With Every Step Read online

Page 2


  For the next week (which included four days of walking), being around him was like being on the edge of a whirlwind. But in between finishing his walk, appearing on the Sunrise breakfast TV program on Channel Seven the next morning, catching up with friends and family, including an enjoyable night at Central Coast Leagues Club with cousins, aunties and uncles and his beloved grannie, and spending his last night at his cousin Matthew’s (and Lynn, Jessica and Paul’s) home in Sydney, he’d departed.

  And that brief airport goodbye was the last face-to-face conversation we had.

  ‘See ya when I see ya.’ It’s another sentence that lingers tragically.

  The next time I saw him was not a scene I had ever envisaged.

  14 JULY 2012

  It’s the moment every parent dreads, the call in the middle of the night that chills your spine with fear. The call that you hear about on the news, but the one that is never going to happen to you.

  For me, it interrupted my life just prior to midnight, six days before I was due to fly to London to work for the Australian Olympic Committee at the 2012 Games, an experience I was looking forward to. Three days later, Chris was to leave on a Pacific cruise with a good friend.

  At the other end of the line was a woman who identified herself as being from the Department of Foreign Affairs and Trade (DFAT) in Canberra. She said she’d been trying to get hold of me for hours. My missed call log indeed confirmed calls at 6.45 pm and 6.50 pm, when I was away from my phone, and then again at 10.10 pm, just twenty-five minutes after I’d gone to bed with the phone sitting on the bedside table. That I had not heard it shows how deeply I could plunge into a good sleep … well, back then, anyway.

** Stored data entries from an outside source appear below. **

Lemma separation (K : set Z) (w : Z) :
  segment_closed K -> K !=set0 -> ~ closure K w ->
  exists2 F : Z -> R, linear (F : Z -> R^o) /\ continuous F &
    exists2 c, (forall k, K k -> F k <= c) & c < F w.
Proof.
move=> K_conv [a Ka] Kw; have [W [W0 W_conv WK]] := convex_nbhs0_avoiding Kw.
(* [D] is convex and absorbing and contains [0] but not [w - a], so a linear
   functional below its Minkowski functional that equals it at [w - a] separates. *)
pose D := [set k - a + u | k in K & u in W].
have WD u : W u -> D u by exists a => //; exists u => //; rewrite subrr add0r.
have D0 : D 0 := WD 0 (nbhs_singleton W0).
have D_abs x : exists l, 0 < l /\ D (l *: x).
  by have [l [l0 Wl]] := nbhs0_absorbing x W0; exists l; split=> //; exact: WD.
have D_conv : segment_closed D.
  move=> _ _ t [k1 K1 [u1 W1 <-]] [k2 K2 [u2 W2 <-]] t01.
  exists (t *: k1 + (1 - t) *: k2); first exact: K_conv.
  exists (t *: u1 + (1 - t) *: u2); first exact: W_conv.
  by rewrite !combD combxx.
have Dwa : ~ D (w - a).
  move=> [k Kk [u Wu e]]; apply: WK Wu _.
  have -> : w = k - a + u + a by rewrite e subrK.
  by rewrite addrAC addrK subrK.
have [F [Flin Fp pF]] := sublinear_linear_minorant (w - a) (minkowski_sublinear D_conv D_abs).
have [_ FZ FD] := linear_functionalP Flin.
have FB u v : F (u - v) = F u - F v by rewrite FD -scaleN1r FZ mulN1r.
have FD1 d : D d -> F d <= 1 by move=> Dd; exact: le_trans (Fp d) (minkowski_le1 Dd).
have Fwa : 1 <= F w - F a.
  by rewrite -FB; exact: le_trans (minkowski_ge1 D_conv D0 D_abs Dwa) pF.
exists F; first by split=> //; apply: linear_continuous_le1 Flin W0 _ => u /WD /FD1.
have [m [m0 Wm]] := nbhs0_absorbing (w - a) W0.
have : m <= m * (F w - F a) by rewrite ler_pMr.
exists (F a + 1 - m) => [k Kk|]; last by lra.
have /FD1 : D (k - a + m *: (w - a)) by exists k => //; exists (m *: (w - a)).
by rewrite FD FB FZ FB; lra.
Qed.

Lemma imG_separation (C A : set Z) (w : Z) :
  (forall t k, 0 < t -> C k -> C (t *: k)) -> imG C A -> A !=set0 -> ~ A w ->
  exists2 F, negdual C F & exists2 c, (forall z, A z -> F z <= c) & c < F w.
Proof.
move=> C_cone AK [a Aa]; rewrite {1}AK => Kw.
have [k [Kk _]] : conv_hull (Defs.msum A C) `&` setT !=set0.
  by move: Aa; rewrite {1}AK; apply; exact: filterT.
have [F [F_lin F_cont] [c Fc cFw]] :=
  separation (@segment_closed_conv_hull _ _ (Defs.msum A C)) (ex_intro _ k Kk) Kw.
exists F.
  split=> // y Cy; apply: (linear_le0_of_ray (a := a) F_lin) => t t0.
  apply: Fc; apply: conv_hull_sub.
  by exists a => //; exists (t *: y) => //; exact: C_cone.
exists c => // z; rewrite {1}AK.
by apply: closure_conv_hull_le F_lin F_cont _ z => y /conv_hull_sub; exact: Fc.
Qed.

End Separation.

Section DifferenceQuotient.
Variable R : realType.
Local Open Scope ereal_scope.

Lemma ominus_ley (r : \bar R) : ominus r +oo = -oo.
Proof.
apply: eq_ninfty => t; apply: ereal_inf_lbound; exists t => //=.
by rewrite addye // leey.
Qed.

Lemma ominus_le (r s : \bar R) (t : R) : r <= s + t%:E -> ominus r s <= t%:E.
Proof. by move=> h; apply: ereal_inf_lbound; exists t. Qed.

Lemma ominus_lt0 (r : \bar R) (s : R) : ominus r s%:E < 0 -> r < s%:E.
Proof.
move=> /ereal_inf_lt[_ [t /= rst <-]]; rewrite lte_fin => t0.
by apply: le_lt_trans rst _; rewrite -EFinD lte_fin; lra.
Qed.

Variables (X : lmodType R) (Z : tvsType R) (f : X -> set Z) (zs : Z -> R).

Lemma phi_le x z : f x z -> phi f zs x <= (- zs z)%:E.
Proof. by move=> fz; apply: ereal_inf_lbound; exists z. Qed.

Lemma phi_set0 x : f x = set0 -> phi f zs x = +oo.
Proof. by move=> fx; rewrite /phi fx image_set0 ereal_inf0. Qed.

Lemma dphi_le x u (t : R) : (0 < t)%R ->
  dphi f zs x u <= t^-1%:E * ominus (phi f zs (x + t *: u)) (phi f zs x).
Proof. by move=> t0; apply: ereal_inf_lbound; exists t. Qed.

Lemma dphi_lt0 x u : dphi f zs x u < 0 ->
  exists2 t : R, (0 < t)%R & ominus (phi f zs (x + t *: u)) (phi f zs x) < 0.
Proof.
move=> /ereal_inf_lt[_ [t /= t0 <-] lt0]; exists t => //.
rewrite ltNge; apply: contraTN lt0 => om_ge0.
by rewrite -leNgt mule_ge0 // lee_fin invr_ge0 ltW.
Qed.

Lemma dphi_set0 x u : f x = set0 -> dphi f zs x u = -oo.
Proof.
move=> fx; apply/eqP; rewrite -leeNy_eq; apply: le_trans (dphi_le x u ltr01) _.
by rewrite (phi_set0 fx) ominus_ley invr1 mul1e.
Qed.

End DifferenceQuotient.

Section MintyScalarization.
Variables (R : realType) (X : lmodType R) (Z : tvsType R) (f : X -> set Z) (x0 : X).

Lemma sv_convex_comb x1 x2 (t : R) a b : sv_convex f -> 0 < t < 1 ->
  f x1 a -> f x2 b -> f (t *: x1 + (1 - t) *: x2) (t *: a + (1 - t) *: b).
Proof.
move=> f_conv t01 fa fb; apply: f_conv => //; apply: subset_closure.
by exists (t *: a); [exists a|exists ((1 - t) *: b); [exists b|]].
Qed.

Lemma subset_Iset x : sv_convex f -> dom f x0 -> f x `<=` Iset f x0 x.
Proof.
move=> f_conv [b fb] a fa B; rewrite -{1}(subrK b a) -[a - b]scale1r.
move=> /(@line_continuous _ _ (a - b) b 1) /nbhs_ballP [e /= e0 he].
have [t t01 te] : exists2 t : R, 0 < t < 1 & `|1 - t| < e.
  have [e1|e1] := leP e 1.
  - by exists (1 - e / 2); [apply/andP; split; lra|rewrite ger0_norm; lra].
  - by exists (1 / 2); [apply/andP; split; lra|rewrite ger0_norm; lra].
exists (t *: a + (1 - t) *: b); split.
  by apply: conv_hull_sub; exists t => //; rewrite segmentE; exact: sv_convex_comb.
by have := he t te; rewrite /= [t *: (a - b) + b]addrC segmentE.
Qed.

Lemma Iset_comb x (t : R) z a : sv_convex f -> 0 < t ->
  f (x + t *: (x0 - x)) z -> f x a ->
  Iset f x0 x ((1 + t)^-1 *: z + (1 - (1 + t)^-1) *: a).
Proof.
move=> f_conv t0 fz fa; apply: subset_closure; apply: conv_hull_sub.
have t1 : 1 + t != 0 by rewrite gt_eqF //; lra.
have th01 : 0 < (1 + t)^-1 < 1.
  by apply/andP; split; [rewrite invr_gt0|rewrite invf_lt1]; lra.
exists (1 + t)^-1 => //; rewrite /=.
have -> : x0 + (1 + t)^-1 *: (x - x0) =
    (1 + t)^-1 *: (x + t *: (x0 - x)) + (1 - (1 + t)^-1) *: x.
  rewrite !segmentE scalerDr !scalerA -addrA -scalerDl addrC.
  have -> : (1 + t)^-1 * (1 - t) + (1 - (1 + t)^-1) = (1 + t)^-1 by field.
  by have -> : (1 + t)^-1 * t = 1 - (1 + t)^-1 by field.
exact: sv_convex_comb.
Qed.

  It was a call I feared I might receive during the first year of Andrew’s Oz On Foot walk, especially after he had described the many times he came within centimetres of being hit by road trains on the lonely highways of Western Australia and the Northern Territory. I had woken in the night a few times during his journey dreaming that something dreadful had happened. But I wasn’t expecting it now, not while he rested and sank his teeth into preparing his diaries for this book.

  When the DFAT rep called, she had no idea whose unconscious body was lying in a hospital in Chiang Mai. She first asked me if I knew of anyone travelling in Thailand, and I said, ‘Yes, my son.’ Then she asked my name and my son’s name. I frantically asked what had happened and she requested I hold on for a moment, obviously checking her computer records to find Andrew’s details and that he was indeed travelling in Thailand. She then explained it appeared that Andrew was in the Maharaj Nakorn Hospital with a broken leg and very serious head injuries, and was in a coma.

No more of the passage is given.